Au cours des derniers mois, plusieurs organisations de défense des droits humains ainsi que divers analystes ont évoqué les attaques menées dans les régions de Minembwe, Bijombo, Mikenge et d’autres localités, où les FARDC, appuyées par certains groupes armés parmi lesquels les Wazalendo, ont été accusées d’avoir ciblé des civils banyamulenge.
Des informations relayées par différentes sources font état d’une aggravation de la crise humanitaire, avec des populations déplacées, des civils tués, des pillages et des habitations incendiées. De son côté, le gouvernement de Kinshasa affirme que les opérations militaires sont menées dans le cadre de la lutte contre les groupes armés et de la défense de l’intégrité territoriale du pays. Néanmoins, plusieurs observateurs continuent d’affirmer que certaines opérations menées par les FARDC et leurs alliés touchent principalement les populations banyamulenge dans leurs villages.
Les critiques du gouvernement congolais dénoncent également la montée des discours de haine ainsi que la coopération présumée entre les FARDC et certains groupes armés régulièrement accusés de cibler des civils sur des bases ethniques.

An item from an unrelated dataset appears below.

(* Let $G=(V,E,p,(V_{E},V_{O}))$ be a parity game and let $\rho: V\to\mathbb{M}$ be a game parity progress measure of $G$. Then for every vertex $v\in V$ there is a positional strategy $\sigma_{E}$ of player Even such that every play $\pi$ starting in $v$ and consistent with $\sigma_{E}$ satisfies $\theta(\pi)\le\rho(v)$.
   Context: A parity game $G=(V,E,p,(V_{E},V_{O}))$ consists of a finite set $V$ of vertices partitioned into $V_{E}$ (owned by player Even) and $V_{O}$ (owned by player Odd), a total edge relation $E\subseteq V\times V$ (every vertex has a successor), and a priority function $p:V\to\mathbb{N}$. Write $\mathrm{post}(v)=\{w:(v,w)\in E\}$ and $V_i=\{v: p(v)=i\}$. A play is an infinite path $\pi=\pi_0\pi_1\cdots$ in the graph; Even wins it iff the least priority occurring infinitely often is even, otherwise Odd wins it. A strategy of player $X$ is a partial function $\sigma:V^+\to V$, defined only on finite paths $u_1\cdots u_n$ with $u_n$ owned by $X$, and then $\sigma(u_1\cdots u_n)\in\mathrm{post}(u_n)$; it is positional if its value depends only on the last vertex. A play is consistent with $\sigma$ if $u_{n+1}=\sigma(u_1\cdots u_n)$ whenever the latter is defined. Let $d$ be one more than the largest priority in $G$. $\mathbb{M}$ is the set consisting of an extra element $\top$ together with all tuples $(m_0,\dots,m_{d-1})\in\mathbb{N}^d$ with $m_i=0$ for even $i$ and $m_i\le|V_i|$ for odd $i$; $\mathbb{M}_{ext}$ is $\{\top\}$ together with all tuples in $\mathbb{N}^d$ that are $0$ at even positions. Tuples are ordered lexicographically and $\top$ is strictly greater than every tuple. For a position $i$, $m<_i m'$ means $(m_0,\dots,m_i)<(m'_0,\dots,m'_i)$ lexicographically (with $\alpha<_i\top$ for tuples $\alpha$ and $\top=_i\top$), and $m=_i m'$ means the tuples agree on positions $0,\dots,i$; $\le_i,\ge_i,>_i$ are derived accordingly. For $\rho:V\to\mathbb{M}$ and $w\in\mathrm{post}(v)$, $\mathrm{Prog}(\rho,v,w)$ is the least $m\in\mathbb{M}$ such that $m\ge_{p(v)}\rho(w)$ if $p(v)$ is even, and such that $m>_{p(v)}\rho(w)$ or $m=\rho(w)=\top$ if $p(v)$ is odd. $\rho$ is a game parity progress measure if for every $v\in V_{E}$ there is $w\in\mathrm{post}(v)$ with $\rho(v)\ge_{p(v)}\mathrm{Prog}(\rho,v,w)$, and for every $v\in V_{O}$ and all $w\in\mathrm{post}(v)$, $\rho(v)\ge_{p(v)}\mathrm{Prog}(\rho,v,w)$. Play value: a stretch of a play is a finite contiguous subsequence; for a priority $k$, a $k$-dominated stretch is one whose minimal priority is $k$, and its degree is the number of its vertices of priority $k$. The value $\theta(\pi)\in\mathbb{M}_{ext}$ of a play $\pi$ is $\top$ if Odd wins $\pi$; otherwise it is the tuple which is $0$ at even positions and whose entry at each odd position $i$ is the degree of the maximal $i$-dominated stretch that is a prefix of $\pi$ (and $0$ if no prefix is $i$-dominated). *)

From mathcomp Require Import all_boot all_order.
Set Implicit Arguments. Unset Strict Implicit. Unset Printing Implicit Defensive.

Cette situation continue d’inquiéter la communauté internationale et contribue à l’aggravation de la crise dans l’est de la RDC.
Un autre sujet qui suscite de nombreuses controverses concerne l’accord signé entre l’Union européenne et le Rwanda sur les minerais stratégiques. Cet accord, conclu en 2024, vise à renforcer la coopération dans les domaines de la transformation et de l’exportation de minerais tels que le coltan, la cassitérite et le tungstène.
En RDC, beaucoup considèrent cet accord comme une contradiction dans la politique européenne. Selon eux, il est incohérent de condamner la guerre dans l’est du Congo tout en maintenant des partenariats économiques avec un pays accusé d’y jouer un rôle.
Certains députés du Parlement européen ont même demandé la révision ou la suspension de cet accord jusqu’à ce que la situation sécuritaire dans l’est de la RDC s’améliore.
Bien que la France continue d’affirmer son soutien à la paix et à la souveraineté de la RDC, les déclarations d’Emmanuel Macron ont été mal accueillies par une partie de l’opinion congolaise, notamment par ceux qui estiment que Paris fait preuve d’une trop grande prudence à l’égard du Rwanda.
Certains observateurs estiment également que les conférences internationales et les initiatives humanitaires soutenues par la France concernant la crise congolaise n’ont pas encore produit de résultats concrets sur les conditions de vie des populations, alors que des millions de déplacés continuent de vivre dans des situations extrêmement précaires, que de nombreuses infrastructures ont été détruites et que l’insécurité demeure omniprésente.
Dans un contexte régional de plus en plus tendu, de nombreux Congolais attendent désormais que les grandes puissances dépassent les simples déclarations diplomatiques pour adopter des mesures concrètes capables de mettre fin à une guerre qui dure depuis près de trois décennies et qui continue de dévaster la vie des populations de l’est du Congo, en particulier dans les zones où des attaques visant les Banyamulenge sont régulièrement signalées dans le Sud-Kivu.